2010
01.19

Scenario:

  • Headquarter (HQ) connected (MPLS VPN) to some branch sites.
  • In some of the branches, a Check Point UTM-1 Edge X (SofaWare) sits between the wireless and wired networks, enforcing security policies between them.
  • The two networks are bridged together (Layer 2) by the firewall.
  • The wireless LAN is used by some kind of next gen Barcode Scanner: an embedded device with Windows CE .NET 4.2, also able to act as a Terminal Services client.

Customer wants to install some software on the scanners, downloading it from a shared folder residing on one of HQ servers. I add the necessary (and temporary) rules on the firewalls, but the folder still cannot be reached. Windows CE complains that “The network path was not found” but the rules look good.

Luckily, the Edge firewalls provide a packet sniffer, allowing us to further investigate the issue. Just connect to the web based interface of UTM-1/SofaWare, go to SetupToolsSniffer, choose a filter string (using the familiar libpcap/tcpdump syntax), select the interface (“bridge”, in my case), and you’re set. Captured packets can then be downloaded to your PC and opened up in Wireshark.
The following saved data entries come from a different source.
Lemma transporter_finite (u1 u2 v1 v2 : vtx G Lam) :
  finite_set (fun h => act G Lam h u1 = u1 /\ act G Lam h u2 = u2) ->
  finite_set (fun g => act G Lam g u1 = v1 /\ act G Lam g u2 = v2).
Proof.
  intros [L HL].
  destruct (classic (exists g0, act G Lam g0 u1 = v1 /\ act G Lam g0 u2 = v2))
    as [[g0 [E1 E2]]|Hno].
  - exists (map (gmul g0) L). intros g [F1 F2]. apply in_map_iff.
    exists (gmul (ginv g0) g). split; [apply gmulKVg|]. apply HL.
    rewrite !act_mul, F1, F2, <- E1, <- E2, !actK. auto.
  - exists []. intros g Hg. apply Hno. eauto.
Qed.

(* The barycentre is nonzero exactly on the vertices of [sigma]. *)
Lemma barycentre_stabiliser_in (sigma : list (vtx G Lam)) g u :
  sigma <> [] -> stabiliser G Lam (barycentre G Lam sigma) g ->
  In u sigma -> In (act G Lam g u) sigma.
Proof.
  intros Hne Hg Hu. specialize (Hg (act G Lam g u)).
  unfold act_pt, barycentre in Hg. rewrite actK in Hg.
  destruct (excluded_middle_informative (In u sigma)) as [_|]; [|contradiction].
  destruct (excluded_middle_informative (In (act G Lam g u) sigma)) as [Hin|_]; [exact Hin|].
  exfalso. apply (Rinv_neq_0_compat (INR (length sigma))); [|exact Hg].
  apply not_0_INR. rewrite length_zero_iff_nil. exact Hne.
Qed.

Lemma barycentre_stabiliser_finite (sigma : list (vtx G Lam)) u1 u2 :
  In u1 sigma -> In u2 sigma ->
  finite_set (fun h => act G Lam h u1 = u1 /\ act G Lam h u2 = u2) ->
  finite_set (stabiliser G Lam (barycentre G Lam sigma)).
Proof.
  intros Hu1 Hu2 Hfin.
  assert (Hne : sigma <> []) by (intros ->; destruct Hu1).
  destruct (finite_set_union (list_prod sigma sigma)
              (fun v g => act G Lam g u1 = fst v /\ act G Lam g u2 = snd v)) as [L HL].
  { intros [v1 v2] _. exact (transporter_finite u1 u2 v1 v2 Hfin). }
  exists L. intros g Hg. apply HL.
  exists (act G Lam g u1, act G Lam g u2). split; [|auto].
  apply in_prod; apply (barycentre_stabiliser_in sigma); assumption.
Qed.

End Stabilisers.

Theorem corollary2p3 (G : Group) (Lam : Type) (P : Lam -> G -> Prop)
  (S : list G) (n : nat) :
  (exists LL : list Lam, forall l, In l LL) ->
  generates G S ->
  rel_hyperbolic G Lam P S ->
  1 <= n ->
  forall sigma : list (vtx G Lam),
    rips_simplex G Lam P S n sigma -> 2 <= length sigma ->
    finite_set (stabiliser G Lam (barycentre G Lam sigma)).
Proof.
  intros _ Hgen [Hsub [Hfine _]] _ sigma [_ [Hnd [Hval _]]] Hlen.
  destruct sigma as [|u1 [|u2 rest]]; cbn in Hlen; try lia.
  apply (barycentre_stabiliser_finite _ u1 u2); [left; reflexivity|right; left; reflexivity|].
  apply (pair_stabiliser_finite P S); auto.
  - exact (Forall_inv Hval).
  - exact (Forall_inv (Forall_inv_tail Hval)).
  - intros ->. apply NoDup_cons_iff in Hnd. apply (proj1 Hnd). left; reflexivity.
Qed.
We came up with a bunch of peculiar NetBIOS Name query requests/answers:

$ tshark -r sniffer4.cap
  1   0.000000    192.168.2.3  -> 192.168.1.10  NBNS Name query NB HQSERVER<20>
  2   0.028436    192.168.1.10 -> 192.168.2.3   NBNS Name query response
  3   1.001397    192.168.2.3  -> 192.168.2.255 NBNS Name query NB HQSERVER<20>
  4   1.251460    192.168.2.3  -> 192.168.2.255 NBNS Name query NB HQSERVER<20>
  5   1.502820    192.168.2.3  -> 192.168.2.255 NBNS Name query NB HQSERVER<20>

Some hostnames, for clarity:

  192.168.2.3  : BOSCANNER
  192.168.1.10 : HQDC1
  192.168.1.20 : HQSERVER

The Barcode Scanner (Client) asks one of the DNS/Domain Controllers in HQ if it is called HQSERVER. But HQSERVER is the server we’re trying to connect to from the Scanner (by means of \\HQSERVER\sharename)! Why in the world the device should directly ask HQDC1 if it is called HQSERVER? Using an unicast NetBIOS query, too? Obviously HQDC1 answers “no, it’s not me” (Requested name does not exist)… The Scanner then broadcasts the same query to its local network segment, but since HQSERVER sits in Headquarter, it gets no answer and generates the error “The network path was not found”.
Turns out that \\192.168.1.20\sharename causes the same dialoque, with a NetBIOS name query that seemingly asks for a server named “192.168.1.20”. It’s as if in Windows CE, UNC paths could only use names, not IP addresses.

Well, the Customer didn’t have enough time for me to properly solve/understand the issue but we worked around it by:

  • Assigning a static IP to the Windows CE device.
  • In the TCP/IP settings of Windows CE, use 192.168.1.20 (HQSERVER – where the shared folder is hosted) as DNS and WINS server.
  • Copy the needed files from the network share and revert back to DHCP.

Step two makes the Client send NetBIOS name queries to HQSERVER instead of HQDC1. This allows shared folder access to work.